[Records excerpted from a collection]
********************

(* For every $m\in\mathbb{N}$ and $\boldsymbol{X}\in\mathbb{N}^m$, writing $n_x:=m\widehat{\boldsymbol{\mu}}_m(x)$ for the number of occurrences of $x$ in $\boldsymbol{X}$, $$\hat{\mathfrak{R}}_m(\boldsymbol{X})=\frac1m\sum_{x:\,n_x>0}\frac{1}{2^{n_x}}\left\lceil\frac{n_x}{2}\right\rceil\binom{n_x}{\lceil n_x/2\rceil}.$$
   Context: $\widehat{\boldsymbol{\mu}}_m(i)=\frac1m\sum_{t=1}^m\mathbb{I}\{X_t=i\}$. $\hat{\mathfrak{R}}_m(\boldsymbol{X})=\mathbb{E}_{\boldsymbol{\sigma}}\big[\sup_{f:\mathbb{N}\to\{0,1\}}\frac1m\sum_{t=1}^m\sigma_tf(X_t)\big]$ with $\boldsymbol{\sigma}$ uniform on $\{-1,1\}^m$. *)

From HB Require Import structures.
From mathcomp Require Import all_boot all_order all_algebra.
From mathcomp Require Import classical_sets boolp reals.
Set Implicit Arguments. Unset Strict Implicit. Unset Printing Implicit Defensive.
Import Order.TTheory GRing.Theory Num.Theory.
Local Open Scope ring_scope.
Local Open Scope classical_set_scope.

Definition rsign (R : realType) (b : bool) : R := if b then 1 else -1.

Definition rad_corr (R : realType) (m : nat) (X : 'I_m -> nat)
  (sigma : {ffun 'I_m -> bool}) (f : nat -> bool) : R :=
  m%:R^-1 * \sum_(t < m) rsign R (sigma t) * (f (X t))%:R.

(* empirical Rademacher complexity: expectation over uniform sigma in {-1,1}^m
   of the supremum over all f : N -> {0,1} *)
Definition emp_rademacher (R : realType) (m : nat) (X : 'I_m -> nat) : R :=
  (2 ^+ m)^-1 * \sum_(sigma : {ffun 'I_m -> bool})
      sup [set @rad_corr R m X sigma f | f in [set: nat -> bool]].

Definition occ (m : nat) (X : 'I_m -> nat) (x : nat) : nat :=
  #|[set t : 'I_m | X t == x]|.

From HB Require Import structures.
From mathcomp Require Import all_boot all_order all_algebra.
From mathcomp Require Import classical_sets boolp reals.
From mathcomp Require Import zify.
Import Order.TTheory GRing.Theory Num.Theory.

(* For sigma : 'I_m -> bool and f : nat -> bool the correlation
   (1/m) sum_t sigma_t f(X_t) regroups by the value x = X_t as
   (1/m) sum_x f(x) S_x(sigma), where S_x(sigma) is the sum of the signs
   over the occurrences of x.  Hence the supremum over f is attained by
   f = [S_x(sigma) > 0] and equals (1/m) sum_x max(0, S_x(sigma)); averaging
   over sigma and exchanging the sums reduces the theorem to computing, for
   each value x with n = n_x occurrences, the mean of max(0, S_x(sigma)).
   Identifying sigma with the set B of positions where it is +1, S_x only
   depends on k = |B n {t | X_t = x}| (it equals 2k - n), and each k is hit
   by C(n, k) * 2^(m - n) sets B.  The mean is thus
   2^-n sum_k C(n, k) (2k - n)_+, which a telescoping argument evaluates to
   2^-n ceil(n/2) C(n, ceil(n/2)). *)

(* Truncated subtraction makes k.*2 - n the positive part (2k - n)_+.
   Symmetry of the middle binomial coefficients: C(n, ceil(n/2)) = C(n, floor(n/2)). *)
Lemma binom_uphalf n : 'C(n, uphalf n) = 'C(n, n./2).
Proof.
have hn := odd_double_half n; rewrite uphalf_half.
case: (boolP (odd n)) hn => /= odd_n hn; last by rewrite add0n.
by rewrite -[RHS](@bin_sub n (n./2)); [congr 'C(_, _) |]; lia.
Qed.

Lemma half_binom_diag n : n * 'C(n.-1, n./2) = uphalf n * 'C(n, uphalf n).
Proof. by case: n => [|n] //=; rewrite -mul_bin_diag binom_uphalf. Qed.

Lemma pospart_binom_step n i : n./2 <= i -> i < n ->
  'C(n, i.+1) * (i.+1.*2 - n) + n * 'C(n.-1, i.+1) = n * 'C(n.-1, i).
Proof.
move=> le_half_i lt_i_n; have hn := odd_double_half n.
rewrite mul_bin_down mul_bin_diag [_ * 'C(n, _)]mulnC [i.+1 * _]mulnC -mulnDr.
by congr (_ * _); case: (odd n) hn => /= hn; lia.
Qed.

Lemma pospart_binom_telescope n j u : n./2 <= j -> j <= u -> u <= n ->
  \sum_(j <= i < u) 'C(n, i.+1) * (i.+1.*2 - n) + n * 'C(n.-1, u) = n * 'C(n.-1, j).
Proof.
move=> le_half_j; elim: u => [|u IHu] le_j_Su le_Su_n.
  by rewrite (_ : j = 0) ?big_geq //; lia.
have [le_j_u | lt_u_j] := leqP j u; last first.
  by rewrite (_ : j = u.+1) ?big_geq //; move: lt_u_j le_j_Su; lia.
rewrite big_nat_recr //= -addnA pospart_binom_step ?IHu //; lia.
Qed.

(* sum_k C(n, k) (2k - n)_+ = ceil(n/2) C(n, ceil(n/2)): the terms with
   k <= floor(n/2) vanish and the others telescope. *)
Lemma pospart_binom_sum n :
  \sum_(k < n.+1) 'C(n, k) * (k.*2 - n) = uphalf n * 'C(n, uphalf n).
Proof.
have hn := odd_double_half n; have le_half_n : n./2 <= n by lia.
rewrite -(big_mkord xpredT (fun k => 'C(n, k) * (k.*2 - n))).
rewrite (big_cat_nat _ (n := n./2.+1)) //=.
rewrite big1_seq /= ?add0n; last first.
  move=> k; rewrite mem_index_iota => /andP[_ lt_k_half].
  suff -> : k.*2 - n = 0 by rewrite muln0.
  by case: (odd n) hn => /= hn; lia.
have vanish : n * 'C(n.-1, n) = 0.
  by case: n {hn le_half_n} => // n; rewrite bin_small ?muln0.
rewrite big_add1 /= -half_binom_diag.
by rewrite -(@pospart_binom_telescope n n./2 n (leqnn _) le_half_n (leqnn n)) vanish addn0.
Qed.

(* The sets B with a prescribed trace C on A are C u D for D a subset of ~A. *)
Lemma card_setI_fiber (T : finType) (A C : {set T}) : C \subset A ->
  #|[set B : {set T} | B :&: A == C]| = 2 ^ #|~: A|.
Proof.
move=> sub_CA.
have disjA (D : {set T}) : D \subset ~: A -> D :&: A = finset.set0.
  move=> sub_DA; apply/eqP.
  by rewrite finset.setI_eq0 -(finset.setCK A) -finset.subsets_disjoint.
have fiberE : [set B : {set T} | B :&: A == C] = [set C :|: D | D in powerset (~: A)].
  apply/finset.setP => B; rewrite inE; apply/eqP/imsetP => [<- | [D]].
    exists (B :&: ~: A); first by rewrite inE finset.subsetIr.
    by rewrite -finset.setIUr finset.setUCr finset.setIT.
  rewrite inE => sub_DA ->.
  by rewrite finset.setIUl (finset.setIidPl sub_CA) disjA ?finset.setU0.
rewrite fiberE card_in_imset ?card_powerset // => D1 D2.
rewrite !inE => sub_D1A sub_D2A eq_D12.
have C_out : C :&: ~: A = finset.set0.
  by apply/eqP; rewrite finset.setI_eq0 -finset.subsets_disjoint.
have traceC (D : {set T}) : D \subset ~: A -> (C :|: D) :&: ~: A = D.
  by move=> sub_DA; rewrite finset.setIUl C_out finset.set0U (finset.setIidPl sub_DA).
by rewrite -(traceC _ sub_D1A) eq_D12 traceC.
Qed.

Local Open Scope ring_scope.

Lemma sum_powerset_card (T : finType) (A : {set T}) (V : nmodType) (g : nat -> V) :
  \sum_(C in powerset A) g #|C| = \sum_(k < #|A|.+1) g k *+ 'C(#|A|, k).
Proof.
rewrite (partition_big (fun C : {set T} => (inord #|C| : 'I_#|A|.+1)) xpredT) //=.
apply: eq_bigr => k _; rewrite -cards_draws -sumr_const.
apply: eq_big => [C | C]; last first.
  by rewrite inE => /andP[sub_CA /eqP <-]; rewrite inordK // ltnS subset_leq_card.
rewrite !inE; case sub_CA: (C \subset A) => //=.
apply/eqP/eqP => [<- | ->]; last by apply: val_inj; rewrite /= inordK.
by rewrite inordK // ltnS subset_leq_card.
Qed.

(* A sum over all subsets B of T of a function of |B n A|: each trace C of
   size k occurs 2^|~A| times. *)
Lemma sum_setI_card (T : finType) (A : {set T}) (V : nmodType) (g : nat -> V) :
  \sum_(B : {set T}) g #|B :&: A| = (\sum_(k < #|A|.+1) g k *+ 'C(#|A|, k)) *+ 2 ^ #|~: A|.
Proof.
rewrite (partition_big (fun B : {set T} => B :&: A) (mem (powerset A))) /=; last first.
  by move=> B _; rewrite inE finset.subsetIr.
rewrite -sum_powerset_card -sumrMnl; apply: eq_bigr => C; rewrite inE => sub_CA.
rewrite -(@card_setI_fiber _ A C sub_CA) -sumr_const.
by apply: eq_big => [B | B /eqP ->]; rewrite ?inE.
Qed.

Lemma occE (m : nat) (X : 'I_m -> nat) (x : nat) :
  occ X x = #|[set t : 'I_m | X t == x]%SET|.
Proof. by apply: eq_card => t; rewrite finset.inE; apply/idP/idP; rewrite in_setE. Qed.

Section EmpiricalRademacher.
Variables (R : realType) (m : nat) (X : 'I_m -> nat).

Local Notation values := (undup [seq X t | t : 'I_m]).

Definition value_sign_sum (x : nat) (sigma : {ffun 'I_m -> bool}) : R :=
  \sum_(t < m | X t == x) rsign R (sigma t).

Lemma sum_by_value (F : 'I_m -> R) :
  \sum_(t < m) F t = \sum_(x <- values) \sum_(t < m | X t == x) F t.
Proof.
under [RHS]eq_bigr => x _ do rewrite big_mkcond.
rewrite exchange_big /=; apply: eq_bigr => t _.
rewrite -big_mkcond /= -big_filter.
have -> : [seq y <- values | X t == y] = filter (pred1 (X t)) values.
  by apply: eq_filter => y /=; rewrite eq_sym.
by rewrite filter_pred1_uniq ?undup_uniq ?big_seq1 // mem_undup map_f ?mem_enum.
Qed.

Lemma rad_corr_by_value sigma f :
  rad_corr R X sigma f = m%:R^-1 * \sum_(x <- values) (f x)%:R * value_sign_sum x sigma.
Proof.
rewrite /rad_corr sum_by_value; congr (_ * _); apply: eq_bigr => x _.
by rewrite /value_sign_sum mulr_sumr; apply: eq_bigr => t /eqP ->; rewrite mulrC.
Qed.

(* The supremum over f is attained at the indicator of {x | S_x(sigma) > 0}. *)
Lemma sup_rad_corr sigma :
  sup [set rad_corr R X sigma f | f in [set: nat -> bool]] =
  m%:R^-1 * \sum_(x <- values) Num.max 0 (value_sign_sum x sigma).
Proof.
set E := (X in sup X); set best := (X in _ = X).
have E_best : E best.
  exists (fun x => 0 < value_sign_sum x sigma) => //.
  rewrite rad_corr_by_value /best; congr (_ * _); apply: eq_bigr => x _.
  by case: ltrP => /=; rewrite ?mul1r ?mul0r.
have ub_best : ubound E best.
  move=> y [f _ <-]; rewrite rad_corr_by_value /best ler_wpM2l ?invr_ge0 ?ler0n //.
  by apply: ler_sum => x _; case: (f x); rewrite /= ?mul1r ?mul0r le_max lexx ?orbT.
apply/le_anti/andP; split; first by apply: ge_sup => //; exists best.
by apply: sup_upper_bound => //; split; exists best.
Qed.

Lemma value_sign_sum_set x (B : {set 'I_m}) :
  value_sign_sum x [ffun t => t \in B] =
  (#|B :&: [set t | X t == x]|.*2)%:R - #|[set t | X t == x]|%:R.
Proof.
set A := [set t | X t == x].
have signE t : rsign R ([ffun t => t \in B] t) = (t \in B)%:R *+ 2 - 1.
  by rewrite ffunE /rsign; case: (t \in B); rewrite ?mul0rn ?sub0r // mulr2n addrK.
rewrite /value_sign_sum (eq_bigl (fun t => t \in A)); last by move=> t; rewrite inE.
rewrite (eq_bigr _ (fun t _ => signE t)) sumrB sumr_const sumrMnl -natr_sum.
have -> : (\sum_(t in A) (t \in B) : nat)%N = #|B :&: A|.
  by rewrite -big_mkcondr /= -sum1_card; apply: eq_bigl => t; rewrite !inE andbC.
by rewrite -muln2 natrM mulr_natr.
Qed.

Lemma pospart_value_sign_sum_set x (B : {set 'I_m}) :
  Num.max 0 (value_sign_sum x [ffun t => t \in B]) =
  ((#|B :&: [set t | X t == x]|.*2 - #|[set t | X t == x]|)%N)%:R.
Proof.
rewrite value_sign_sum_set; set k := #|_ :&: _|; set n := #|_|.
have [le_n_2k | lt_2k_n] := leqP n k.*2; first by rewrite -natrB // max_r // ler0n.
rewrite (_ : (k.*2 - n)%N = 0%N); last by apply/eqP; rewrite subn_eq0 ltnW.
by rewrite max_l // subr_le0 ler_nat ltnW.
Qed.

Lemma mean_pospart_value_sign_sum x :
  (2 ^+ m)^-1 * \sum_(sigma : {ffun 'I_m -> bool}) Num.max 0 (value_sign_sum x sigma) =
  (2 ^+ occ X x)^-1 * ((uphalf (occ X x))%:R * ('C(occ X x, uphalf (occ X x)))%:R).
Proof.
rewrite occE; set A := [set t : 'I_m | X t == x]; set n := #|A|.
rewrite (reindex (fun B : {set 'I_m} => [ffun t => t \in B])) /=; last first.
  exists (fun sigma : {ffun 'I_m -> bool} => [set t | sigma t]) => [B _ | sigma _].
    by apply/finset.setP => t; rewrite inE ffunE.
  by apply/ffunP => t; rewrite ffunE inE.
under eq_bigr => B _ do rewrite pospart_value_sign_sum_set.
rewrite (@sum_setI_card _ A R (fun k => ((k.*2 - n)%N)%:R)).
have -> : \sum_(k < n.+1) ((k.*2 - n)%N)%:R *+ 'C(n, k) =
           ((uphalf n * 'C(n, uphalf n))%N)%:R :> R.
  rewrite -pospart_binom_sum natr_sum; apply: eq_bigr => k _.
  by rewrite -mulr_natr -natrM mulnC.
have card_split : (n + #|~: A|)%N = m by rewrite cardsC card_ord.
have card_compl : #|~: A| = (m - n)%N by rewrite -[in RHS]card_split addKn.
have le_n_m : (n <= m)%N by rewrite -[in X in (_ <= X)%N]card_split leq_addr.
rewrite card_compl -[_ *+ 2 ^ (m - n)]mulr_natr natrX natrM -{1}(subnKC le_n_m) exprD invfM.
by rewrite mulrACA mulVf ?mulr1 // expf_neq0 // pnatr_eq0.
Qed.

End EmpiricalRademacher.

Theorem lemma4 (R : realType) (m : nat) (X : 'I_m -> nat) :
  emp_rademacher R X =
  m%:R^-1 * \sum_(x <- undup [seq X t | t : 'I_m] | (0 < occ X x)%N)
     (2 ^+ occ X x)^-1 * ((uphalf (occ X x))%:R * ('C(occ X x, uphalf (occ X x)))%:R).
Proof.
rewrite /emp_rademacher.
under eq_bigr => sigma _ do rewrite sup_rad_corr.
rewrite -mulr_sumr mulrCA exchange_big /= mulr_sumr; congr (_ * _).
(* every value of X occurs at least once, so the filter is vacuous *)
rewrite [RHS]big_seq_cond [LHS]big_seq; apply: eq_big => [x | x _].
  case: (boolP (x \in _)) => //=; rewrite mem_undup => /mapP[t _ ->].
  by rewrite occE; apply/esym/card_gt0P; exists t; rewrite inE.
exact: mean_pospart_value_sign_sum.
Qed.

********************

*PROBLEM DETAILS*
Proceeding from the line containing "rewrite bin_small ?muln0." through the line containing "Lemma sum_setI_card (T", transcribe the lines above exactly, both end lines included.

*RESULT FOR THIS TASK*
  by case: n {hn le_half_n} => // n; rewrite bin_small ?muln0.
rewrite big_add1 /= -half_binom_diag.
by rewrite -(@pospart_binom_telescope n n./2 n (leqnn _) le_half_n (leqnn n)) vanish addn0.
Qed.

(* The sets B with a prescribed trace C on A are C u D for D a subset of ~A. *)
Lemma card_setI_fiber (T : finType) (A C : {set T}) : C \subset A ->
  #|[set B : {set T} | B :&: A == C]| = 2 ^ #|~: A|.
Proof.
move=> sub_CA.
have disjA (D : {set T}) : D \subset ~: A -> D :&: A = finset.set0.
  move=> sub_DA; apply/eqP.
  by rewrite finset.setI_eq0 -(finset.setCK A) -finset.subsets_disjoint.
have fiberE : [set B : {set T} | B :&: A == C] = [set C :|: D | D in powerset (~: A)].
  apply/finset.setP => B; rewrite inE; apply/eqP/imsetP => [<- | [D]].
    exists (B :&: ~: A); first by rewrite inE finset.subsetIr.
    by rewrite -finset.setIUr finset.setUCr finset.setIT.
  rewrite inE => sub_DA ->.
  by rewrite finset.setIUl (finset.setIidPl sub_CA) disjA ?finset.setU0.
rewrite fiberE card_in_imset ?card_powerset // => D1 D2.
rewrite !inE => sub_D1A sub_D2A eq_D12.
have C_out : C :&: ~: A = finset.set0.
  by apply/eqP; rewrite finset.setI_eq0 -finset.subsets_disjoint.
have traceC (D : {set T}) : D \subset ~: A -> (C :|: D) :&: ~: A = D.
  by move=> sub_DA; rewrite finset.setIUl C_out finset.set0U (finset.setIidPl sub_DA).
by rewrite -(traceC _ sub_D1A) eq_D12 traceC.
Qed.

Local Open Scope ring_scope.

Lemma sum_powerset_card (T : finType) (A : {set T}) (V : nmodType) (g : nat -> V) :
  \sum_(C in powerset A) g #|C| = \sum_(k < #|A|.+1) g k *+ 'C(#|A|, k).
Proof.
rewrite (partition_big (fun C : {set T} => (inord #|C| : 'I_#|A|.+1)) xpredT) //=.
apply: eq_bigr => k _; rewrite -cards_draws -sumr_const.
apply: eq_big => [C | C]; last first.
  by rewrite inE => /andP[sub_CA /eqP <-]; rewrite inordK // ltnS subset_leq_card.
rewrite !inE; case sub_CA: (C \subset A) => //=.
apply/eqP/eqP => [<- | ->]; last by apply: val_inj; rewrite /= inordK.
by rewrite inordK // ltnS subset_leq_card.
Qed.

(* A sum over all subsets B of T of a function of |B n A|: each trace C of
   size k occurs 2^|~A| times. *)
Lemma sum_setI_card (T : finType) (A : {set T}) (V : nmodType) (g : nat -> V) :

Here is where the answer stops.